Steven Pinker’s Enlightenment Now

4 stars out of 5

Pinker’s big push for the Enlightenment values that got us where we are is the right message at the right time. Not perfect, mind you. Pinker’s cheerleading for capitalism goes a little overboard and understates the problems commensurate with it. His treatment of cultural movements that press against the Enlightenment, such as Romanticism, are at times astonishingly simplistic. Enough so to undermine his credibility in isolated passages. When he criticizes Thomas Piketty’s landmark Capital in the 21st Century, Pinker has a point in that Piketty’s emphasis on wealth inequality elides the improvements in material life that have carried all classes forward. But Piketty’s willingness to look at the good, the bad, and the ugly of late capitalism makes his work seem more impartial overall, less slanted than Pinker’s. The charts and counter-charts that make Piketty’s book more tedious and less readable than Pinker’s more informal tome also make Piketty’s analysis seem more balanced and complete.

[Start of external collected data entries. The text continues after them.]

(* Each of the following polynomials is a $\mathbb{Z}_2$-graded polynomial identity of $E_{0^*}\otimes E_0$: (1) $[y_1,y_2,y_3]$ and $[y_1,y_2,z_3]$; (2) $[y_1,z_2,y_3]$; (3) $[y_1,z_2]\circ z_3$; (4) $[z_1\circ z_2,z_3]$; (5) $(z_1\circ z_2)(z_3\circ z_4)-(z_1\circ z_3)(z_2\circ z_4)$; (6) $[x_1,y_2][y_3,x_4]+[x_1,y_3][y_2,x_4]$, for every choice of $x_1\in\{y_1,z_1\}$ and $x_4\in\{y_4,z_4\}$; (7) $[y_1,z_2](z_3\circ z_4)-[y_1,z_3](z_2\circ z_4)$. Equivalently, the $T_2$-ideal $I$ generated by these polynomials is contained in $T_2(E_{0^*}\otimes E_0)$.
   Context: $\mathbb{K}$ is an infinite field of characteristic different from $2$. $E$ is the Grassmann algebra of a vector space with countable basis $e_1,e_2,\dots$ (generated by the $e_i$ with $e_ie_j=-e_je_i$), with canonical $\mathbb{Z}_2$-grading $E=E^{(0)}\oplus E^{(1)}$ (even/odd length monomials). $A=E\otimes E$ has the $\mathbb{Z}_2\times\mathbb{Z}_2$-grading $A_{(a,b)}=E^{(a)}\otimes E^{(b)}$. $E_{0^*}\otimes E_0$ denotes $A$ with the $\mathbb{Z}_2$-grading $A_0=A_{(0,0)}\oplus A_{(1,0)}$, $A_1=A_{(0,1)}\oplus A_{(1,1)}$. $\mathbb{K}\langle Y\cup Z\rangle$ is the free associative algebra on disjoint countable sets $Y=\{y_1,y_2,\dots\}$ (variables of degree $0$) and $Z=\{z_1,z_2,\dots\}$ (variables of degree $1$). A polynomial $f(y_1,\dots,y_m,z_1,\dots,z_n)$ is a $\mathbb{Z}_2$-graded identity of a $\mathbb{Z}_2$-graded algebra $A=A_0\oplus A_1$ if $f(a_1,\dots,a_m,b_1,\dots,b_n)=0$ for all $a_i\in A_0$, $b_i\in A_1$; $T_2(A)$ is the set of these. A $T_2$-ideal is an ideal of $\mathbb{K}\langle Y\cup Z\rangle$ stable under all graded endomorphisms (those sending each $y_i$ to a polynomial of degree $0$ and each $z_i$ to a polynomial of degree $1$). Notation: $[a,b]=ab-ba$, $[a_1,\dots,a_n]=[[a_1,\dots,a_{n-1}],a_n]$, $a\circ b=ab+ba$. *)

(* Concrete model of A = E (x) E over a field K, where E is the
   Grassmann algebra on generators e_0, e_1, e_2, ... (countable basis).
   A basis of E (x) E is { e_S (x) e_T } with S, T finite sets of indices,
   represented as strictly increasing lists of naturals.  An element of A is
   given by its coefficient function on such pairs (S, T). *)
From HB Require Import structures.
From mathcomp Require Import all_boot all_order all_algebra.
Set Implicit Arguments. Unset Strict Implicit. Unset Printing Implicit Defensive.
Import GRing.Theory.
Local Open Scope ring_scope.

Definition mono := (seq nat * seq nat)%type.

Definition canon (s : seq nat) : bool := sorted ltn s.
Definition canonm (m : mono) : bool := canon m.1 && canon m.2.

(* number of inversions i in s1, j in s2 with j < i : e_{s1} e_{s2} = (-1)^inv e_{s1 u s2} *)
Definition inv_count (s1 s2 : seq nat) : nat :=
  (\sum_(i <- s1) count (fun j => j < i) s2)%N.

Section GrassTensor.
Variable K : fieldType.

Definition A := mono -> K.

Definition gsign (s1 s2 : seq nat) : K := (-1) ^+ inv_count s1 s2.

Definition azero : A := fun _ => 0.
Definition aadd (a b : A) : A := fun m => a m + b m.
Definition aopp (a : A) : A := fun m => - a m.
Definition asub (a b : A) : A := aadd a (aopp b).

(* product in E (x) E (ordinary tensor product of algebras):
   (e_S1 (x) e_T1)(e_S2 (x) e_T2) = (e_S1 e_S2) (x) (e_T1 e_T2).
   The coefficient at canonical (S,T) sums over all splittings S = S1 u S2,
   T = T1 u T2 (given by bit masks). *)
Definition amul (a b : A) : A := fun m =>
  if canonm m then
    \sum_(u : (size m.1).-tuple bool) \sum_(v : (size m.2).-tuple bool)
      gsign (mask u m.1) (mask (map negb u) m.1) *
      gsign (mask v m.2) (mask (map negb v) m.2) *
      a (mask u m.1, mask v m.2) * b (mask (map negb u) m.1, mask (map negb v) m.2)
  else 0.

Definition acomm (a b : A) : A := asub (amul a b) (amul b a).
Definition ajord (a b : A) : A := aadd (amul a b) (amul b a).
Definition acomm3 (a b c : A) : A := acomm (acomm a b) c.

Definition is_elt (a : A) : Prop :=
  (forall m, a m != 0 -> canonm m) /\
  exists N : nat, forall m, a m != 0 -> all (fun i => (i < N)%N) (m.1 ++ m.2).

(* Z2-grading of E_{0*} (x) E_0 : A_0 = E^(0)(x)E^(0) + E^(1)(x)E^(0),
   A_1 = E^(0)(x)E^(1) + E^(1)(x)E^(1); i.e. the degree is the parity of the
   second tensor factor.  homog d a  <->  a \in A_d. *)
Definition homog (d : bool) (a : A) : Prop :=
  is_elt a /\ forall m, a m != 0 -> odd (size m.2) = d.

Definition is_zero (a : A) : Prop := forall m, a m = 0.

End GrassTensor.

From HB Require Import structures.
From mathcomp Require Import all_boot all_order all_algebra.
From mathcomp Require Import ring.
From Stdlib Require Import FunctionalExtensionality.
Import GRing.Theory.
Local Open Scope ring_scope.
Set Implicit Arguments. Unset Strict Implicit.

(* On bihomogeneous elements, x in E^(i) (x) E^(j) and y in E^(k) (x) E^(l),
   the Grassmann relations in both tensor factors give the supercommutation rule
   x y = (-1)^(ik + jl) y x.  An element of degree d for the grading of
   E_{0*} (x) E_0 is the sum of its components in E^(0) (x) E^(d) and
   E^(1) (x) E^(d), and every polynomial in the list is multilinear, so it is
   enough to evaluate it on bihomogeneous arguments.  There each monomial can
   be reordered to a fixed order at the cost of a sign, and in every one of the
   finitely many bidegree patterns the signed terms cancel. *)

Lemma big_tuple_cons (R : nmodType) n (T : finType) (G : n.+1.-tuple T -> R) :
  \sum_(t : n.+1.-tuple T) G t = \sum_(x : T) \sum_(t : n.-tuple T) G [tuple of x :: t].
Proof.
rewrite pair_big /= (reindex (fun p : T * n.-tuple T => [tuple of p.1 :: p.2])) //=.
exists (fun t => (thead t, [tuple of behead t])) => [[x t] _|t _] /=.
  by congr pair; apply: val_inj.
by rewrite [RHS]tuple_eta; apply: val_inj.
Qed.

(* The splittings of [s] into two complementary subsequences, one per bit mask
   as in [amul] (hence with multiplicities). *)
Fixpoint splits (s : seq nat) : seq (seq nat * seq nat) :=
  if s is x :: s' then
    [seq (x :: pq.1, pq.2) | pq <- splits s'] ++ [seq (pq.1, x :: pq.2) | pq <- splits s']
  else [:: ([::], [::])].

Lemma mem_splits_perm s pq : pq \in splits s -> perm_eq s (pq.1 ++ pq.2).
Proof.
elim: s pq => [|x s IH] [p q] /=; first by rewrite inE => /eqP[-> ->].
rewrite mem_cat => /orP[] /mapP[[p' q'] /IH /= H [-> ->]] /=; first by rewrite perm_cons.
by rewrite perm_sym -(cat1s x q') perm_catCA /= perm_cons perm_sym.
Qed.

Lemma mem_splits_subseq s pq : pq \in splits s -> subseq pq.1 s && subseq pq.2 s.
Proof.
elim: s pq => [|x s IH] [p q] /=; first by rewrite inE => /eqP[-> ->].
have sub_cons t : subseq t s -> subseq t (x :: s) by move/subseq_trans; apply; exact: subseq_cons.
rewrite mem_cat => /orP[] /mapP[[p' q'] /IH /andP[H1 H2] [-> ->]]; apply/andP; split.
- by rewrite /= eqxx.
- exact: sub_cons.
- exact: sub_cons.
- by rewrite /= eqxx.
Qed.

Lemma canon_splits s pq : canon s -> pq \in splits s -> canon pq.1 && canon pq.2.
Proof.
move=> cs /mem_splits_subseq /andP[h1 h2].
by rewrite /canon (subseq_sorted ltn_trans h1 cs) (subseq_sorted ltn_trans h2 cs).
Qed.

Section SumSplits.
Variable R : nmodType.

Lemma sum_mask_splits (s : seq nat) (F : seq nat -> seq nat -> R) :
  \sum_(u : (size s).-tuple bool) F (mask u s) (mask (map negb u) s)
  = \sum_(pq <- splits s) F pq.1 pq.2.
Proof.
elim: s F => [|x s IH] F.
  rewrite big_seq1 /= (big_pred1 [tuple]) // => t /=.
  by symmetry; apply/eqP; exact: tuple0.
rewrite /= (big_tuple_cons (fun u => F (mask u (x :: s)) (mask (map negb u) (x :: s)))).
rewrite big_bool /= big_cat /= !big_map.
by rewrite (IH (fun p q => F (x :: p) q)) (IH (fun p q => F p (x :: q))).
Qed.

Lemma sum_splits_assoc (s : seq nat) (G : seq nat -> seq nat -> seq nat -> R) :
  \sum_(tr <- splits s) \sum_(pq <- splits tr.1) G pq.1 pq.2 tr.2
  = \sum_(pt <- splits s) \sum_(qr <- splits pt.2) G pt.1 qr.1 qr.2.
Proof.
elim: s G => [|x s IH] G; first by rewrite !big_cons !big_nil.
rewrite /= !big_cat /= !big_map /=.
under eq_bigr do rewrite big_cat /= !big_map.
under [X in _ = _ + X]eq_bigr do rewrite big_cat !big_map.
rewrite big_split [X in _ = _ + X]big_split /=.
rewrite -(IH (fun p q r => G (x :: p) q r)) -(IH (fun p q r => G p (x :: q) r)).
by rewrite -(IH (fun p q r => G p q (x :: r))) addrA.
Qed.

Lemma sum_splits_swap (s : seq nat) (F : seq nat -> seq nat -> R) :
  \sum_(pq <- splits s) F pq.1 pq.2 = \sum_(pq <- splits s) F pq.2 pq.1.
Proof.
elim: s F => [|x s IH] F; first by rewrite !big_seq1.
rewrite /= !big_cat !big_map /=.
by rewrite (IH (fun p q => F (x :: p) q)) (IH (fun p q => F p (x :: q))) addrC.
Qed.

End SumSplits.

Lemma inv_count_catl p q r : inv_count (p ++ q) r = (inv_count p r + inv_count q r)%N.
Proof. by rewrite /inv_count big_cat. Qed.

Lemma inv_count_catr p q r : inv_count p (q ++ r) = (inv_count p q + inv_count p r)%N.
Proof. by rewrite /inv_count -big_split /=; apply: eq_bigr => i _; rewrite count_cat. Qed.

Lemma inv_count_perml p p' r : perm_eq p p' -> inv_count p r = inv_count p' r.
Proof. by move=> H; rewrite /inv_count (perm_big _ H). Qed.

Lemma inv_count_permr p r r' : perm_eq r r' -> inv_count p r = inv_count p r'.
Proof. by move=> /permP H; rewrite /inv_count; apply: eq_bigr => i _; rewrite H. Qed.

Lemma inv_count_swap (p q : seq nat) : ~~ has (mem p) q ->
  (inv_count p q + inv_count q p = size p * size q)%N.
Proof.
move=> dpq.
have -> : inv_count q p = (\sum_(i <- p) count (fun j => i < j) q)%N.
  rewrite /inv_count; under eq_bigr do rewrite -sumn_count sumnE big_map.
  by rewrite exchange_big /=; apply: eq_bigr => i _; rewrite -sumn_count sumnE big_map.
rewrite /inv_count -big_split /= big_seq (eq_bigr (fun _ => size q)); last first.
  move=> i ip; have := contraL (hasPn dpq i) ip.
  elim: q {dpq} => //= j q IH; rewrite inE negb_or => /andP[ne nq].
  by rewrite addnACA IH //; case: ltngtP ne => //; rewrite eq_sym => ->.
by rewrite -big_seq big_const_seq count_predT iter_addn_0 mulnC.
Qed.

Section GrassmannTensor.
Variable K : fieldType.
Local Notation g := (gsign K).
Local Notation A := (A K).

Lemma gsign_catl p q r : g (p ++ q) r = g p r * g q r.
Proof. by rewrite /gsign inv_count_catl exprD. Qed.

Lemma gsign_catr p q r : g p (q ++ r) = g p q * g p r.
Proof. by rewrite /gsign inv_count_catr exprD. Qed.

Lemma gsign_perml p p' r : perm_eq p p' -> g p r = g p' r.
Proof. by move=> H; rewrite /gsign (inv_count_perml _ H). Qed.

Lemma gsign_permr p r r' : perm_eq r r' -> g p r = g p r'.
Proof. by move=> H; rewrite /gsign (inv_count_permr _ H). Qed.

Overall, though, Pinker’s own core thesis is persuasive and exceedingly timely. After all, the Right has always had a deeper investment in religious and authoritarian structures that cut against the Enlightenment’s commitment to open inquiry and to a principle of individual freedom that transcends religion, region, or demographic. It is only recently that the postmodern Left has joined in the attack, often renouncing the Enlightenment standards of universal truth (accessible to reason and science) and condemning the Enlightenment-based liberal Western democracies as hopelessly enmired in racism, sexism, and other oppressive formations. In this regard, Pinker’s pushback against the Left as well as the Right is spot on. Despite the obvious bumps along the way, and bumps that are still with us, the Enlightenment, with its philosophical message of universal rights over tribalism and of the universal standards of reason and science, has resulted in the most humane, anti-sexist, and racially tolerant sensibility in social history. This is measurable in Pinker’s statistical graphs (and most visibly of late in the Washington Post’s worldwide survey-based map). That there were bumps and contradictions along the way, that challenges of social justice are still with us, is no reason to attack the foundation of the Enlightenment and of the Western liberal democracies that go along with it. Indeed, it would be preposterous to expect no bumps, no contradictions and challenges. We need to improve, perhaps even to do so at a revolutionary pace, but we need to start by working with what we have, not throwing it all overboard and creating a vacuum for some less Enlightenment-based power formation to move in.